» Your goal: Repeat exactly, and only, the lines of the entries below from the one with "Lemma pd_sqrt_inverse A" through the one with "move=> c_ge0 hS", both ends included.

[Dataset excerpts]
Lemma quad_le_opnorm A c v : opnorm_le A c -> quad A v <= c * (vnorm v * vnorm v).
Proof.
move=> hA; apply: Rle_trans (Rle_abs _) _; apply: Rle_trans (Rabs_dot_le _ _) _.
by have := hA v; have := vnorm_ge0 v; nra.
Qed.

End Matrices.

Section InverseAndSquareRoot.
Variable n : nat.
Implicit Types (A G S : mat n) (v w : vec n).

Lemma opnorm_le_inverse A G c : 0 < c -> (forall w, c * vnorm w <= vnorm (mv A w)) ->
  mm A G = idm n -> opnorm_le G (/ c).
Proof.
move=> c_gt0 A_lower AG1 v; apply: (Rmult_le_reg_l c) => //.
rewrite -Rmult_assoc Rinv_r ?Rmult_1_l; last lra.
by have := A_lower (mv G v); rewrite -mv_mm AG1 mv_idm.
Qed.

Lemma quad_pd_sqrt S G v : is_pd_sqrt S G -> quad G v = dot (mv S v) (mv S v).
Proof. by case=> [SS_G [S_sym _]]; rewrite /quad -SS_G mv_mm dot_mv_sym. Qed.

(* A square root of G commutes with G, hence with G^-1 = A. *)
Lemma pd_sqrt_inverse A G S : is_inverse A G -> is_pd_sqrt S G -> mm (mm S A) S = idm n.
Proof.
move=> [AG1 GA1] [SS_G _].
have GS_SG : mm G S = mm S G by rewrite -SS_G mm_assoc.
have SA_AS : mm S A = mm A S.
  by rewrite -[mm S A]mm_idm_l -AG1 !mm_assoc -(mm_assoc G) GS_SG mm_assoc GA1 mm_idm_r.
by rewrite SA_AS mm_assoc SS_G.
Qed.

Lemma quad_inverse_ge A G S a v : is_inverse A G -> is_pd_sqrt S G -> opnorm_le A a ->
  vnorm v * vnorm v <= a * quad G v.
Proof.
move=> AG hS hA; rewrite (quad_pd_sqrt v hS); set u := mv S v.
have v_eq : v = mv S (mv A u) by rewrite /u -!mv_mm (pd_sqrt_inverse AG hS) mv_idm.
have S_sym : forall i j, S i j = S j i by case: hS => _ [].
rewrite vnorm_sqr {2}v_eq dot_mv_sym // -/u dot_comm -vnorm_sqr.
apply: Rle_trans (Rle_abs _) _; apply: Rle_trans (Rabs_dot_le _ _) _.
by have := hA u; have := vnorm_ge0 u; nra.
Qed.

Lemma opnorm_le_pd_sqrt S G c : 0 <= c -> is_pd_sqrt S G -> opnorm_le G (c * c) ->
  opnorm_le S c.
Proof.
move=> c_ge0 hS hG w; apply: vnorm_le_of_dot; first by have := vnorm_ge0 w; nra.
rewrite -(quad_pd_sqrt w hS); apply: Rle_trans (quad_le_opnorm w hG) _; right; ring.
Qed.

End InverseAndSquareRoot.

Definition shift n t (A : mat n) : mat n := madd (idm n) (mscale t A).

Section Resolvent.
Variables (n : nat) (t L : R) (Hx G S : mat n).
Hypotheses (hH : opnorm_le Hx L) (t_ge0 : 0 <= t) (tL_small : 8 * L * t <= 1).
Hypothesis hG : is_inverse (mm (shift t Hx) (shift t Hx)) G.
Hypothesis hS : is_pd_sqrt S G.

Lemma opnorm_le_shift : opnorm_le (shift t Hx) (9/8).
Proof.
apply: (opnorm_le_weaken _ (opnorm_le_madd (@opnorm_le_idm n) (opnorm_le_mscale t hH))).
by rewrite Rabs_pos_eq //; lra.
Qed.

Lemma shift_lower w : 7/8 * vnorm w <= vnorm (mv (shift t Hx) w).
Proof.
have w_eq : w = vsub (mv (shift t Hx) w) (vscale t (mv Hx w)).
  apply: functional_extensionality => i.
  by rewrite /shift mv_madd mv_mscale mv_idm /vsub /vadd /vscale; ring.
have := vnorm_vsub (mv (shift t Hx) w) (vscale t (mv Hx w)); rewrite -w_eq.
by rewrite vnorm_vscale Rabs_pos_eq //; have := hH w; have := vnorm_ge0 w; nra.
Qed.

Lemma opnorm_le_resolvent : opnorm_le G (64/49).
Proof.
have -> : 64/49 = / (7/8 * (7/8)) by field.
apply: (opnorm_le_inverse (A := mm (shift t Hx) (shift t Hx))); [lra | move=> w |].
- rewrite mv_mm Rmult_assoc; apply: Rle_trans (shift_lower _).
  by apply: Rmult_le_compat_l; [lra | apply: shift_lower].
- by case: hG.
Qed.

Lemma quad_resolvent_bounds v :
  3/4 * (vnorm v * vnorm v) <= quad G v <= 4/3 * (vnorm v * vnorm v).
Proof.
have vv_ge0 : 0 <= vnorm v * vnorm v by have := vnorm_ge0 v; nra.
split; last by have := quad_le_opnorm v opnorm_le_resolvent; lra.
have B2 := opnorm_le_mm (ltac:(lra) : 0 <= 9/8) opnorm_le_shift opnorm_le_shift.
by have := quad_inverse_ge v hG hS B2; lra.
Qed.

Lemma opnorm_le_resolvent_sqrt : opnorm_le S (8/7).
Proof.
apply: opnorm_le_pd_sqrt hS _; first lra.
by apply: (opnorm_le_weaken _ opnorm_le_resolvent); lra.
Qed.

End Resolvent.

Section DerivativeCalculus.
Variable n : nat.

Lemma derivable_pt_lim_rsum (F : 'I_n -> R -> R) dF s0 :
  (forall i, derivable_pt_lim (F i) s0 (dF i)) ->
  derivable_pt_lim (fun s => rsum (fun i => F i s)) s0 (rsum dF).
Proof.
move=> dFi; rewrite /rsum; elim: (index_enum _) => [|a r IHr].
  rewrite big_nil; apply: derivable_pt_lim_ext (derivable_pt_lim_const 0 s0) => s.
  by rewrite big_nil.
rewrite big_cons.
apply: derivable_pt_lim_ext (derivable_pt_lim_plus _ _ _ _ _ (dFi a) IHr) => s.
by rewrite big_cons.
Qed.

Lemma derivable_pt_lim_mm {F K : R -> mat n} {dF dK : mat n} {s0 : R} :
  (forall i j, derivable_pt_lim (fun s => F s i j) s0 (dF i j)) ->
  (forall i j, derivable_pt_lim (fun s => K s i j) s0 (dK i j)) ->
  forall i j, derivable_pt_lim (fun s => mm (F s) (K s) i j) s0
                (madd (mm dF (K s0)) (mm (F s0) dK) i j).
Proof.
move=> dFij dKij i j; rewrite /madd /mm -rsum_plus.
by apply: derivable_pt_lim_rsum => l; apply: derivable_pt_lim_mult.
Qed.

» Reply to the exercise:
Lemma pd_sqrt_inverse A G S : is_inverse A G -> is_pd_sqrt S G -> mm (mm S A) S = idm n.
Proof.
move=> [AG1 GA1] [SS_G _].
have GS_SG : mm G S = mm S G by rewrite -SS_G mm_assoc.
have SA_AS : mm S A = mm A S.
  by rewrite -[mm S A]mm_idm_l -AG1 !mm_assoc -(mm_assoc G) GS_SG mm_assoc GA1 mm_idm_r.
by rewrite SA_AS mm_assoc SS_G.
Qed.

Lemma quad_inverse_ge A G S a v : is_inverse A G -> is_pd_sqrt S G -> opnorm_le A a ->
  vnorm v * vnorm v <= a * quad G v.
Proof.
move=> AG hS hA; rewrite (quad_pd_sqrt v hS); set u := mv S v.
have v_eq : v = mv S (mv A u) by rewrite /u -!mv_mm (pd_sqrt_inverse AG hS) mv_idm.
have S_sym : forall i j, S i j = S j i by case: hS => _ [].
rewrite vnorm_sqr {2}v_eq dot_mv_sym // -/u dot_comm -vnorm_sqr.
apply: Rle_trans (Rle_abs _) _; apply: Rle_trans (Rabs_dot_le _ _) _.
by have := hA u; have := vnorm_ge0 u; nra.
Qed.

Lemma opnorm_le_pd_sqrt S G c : 0 <= c -> is_pd_sqrt S G -> opnorm_le G (c * c) ->
  opnorm_le S c.
Proof.
move=> c_ge0 hS hG w; apply: vnorm_le_of_dot; first by have := vnorm_ge0 w; nra.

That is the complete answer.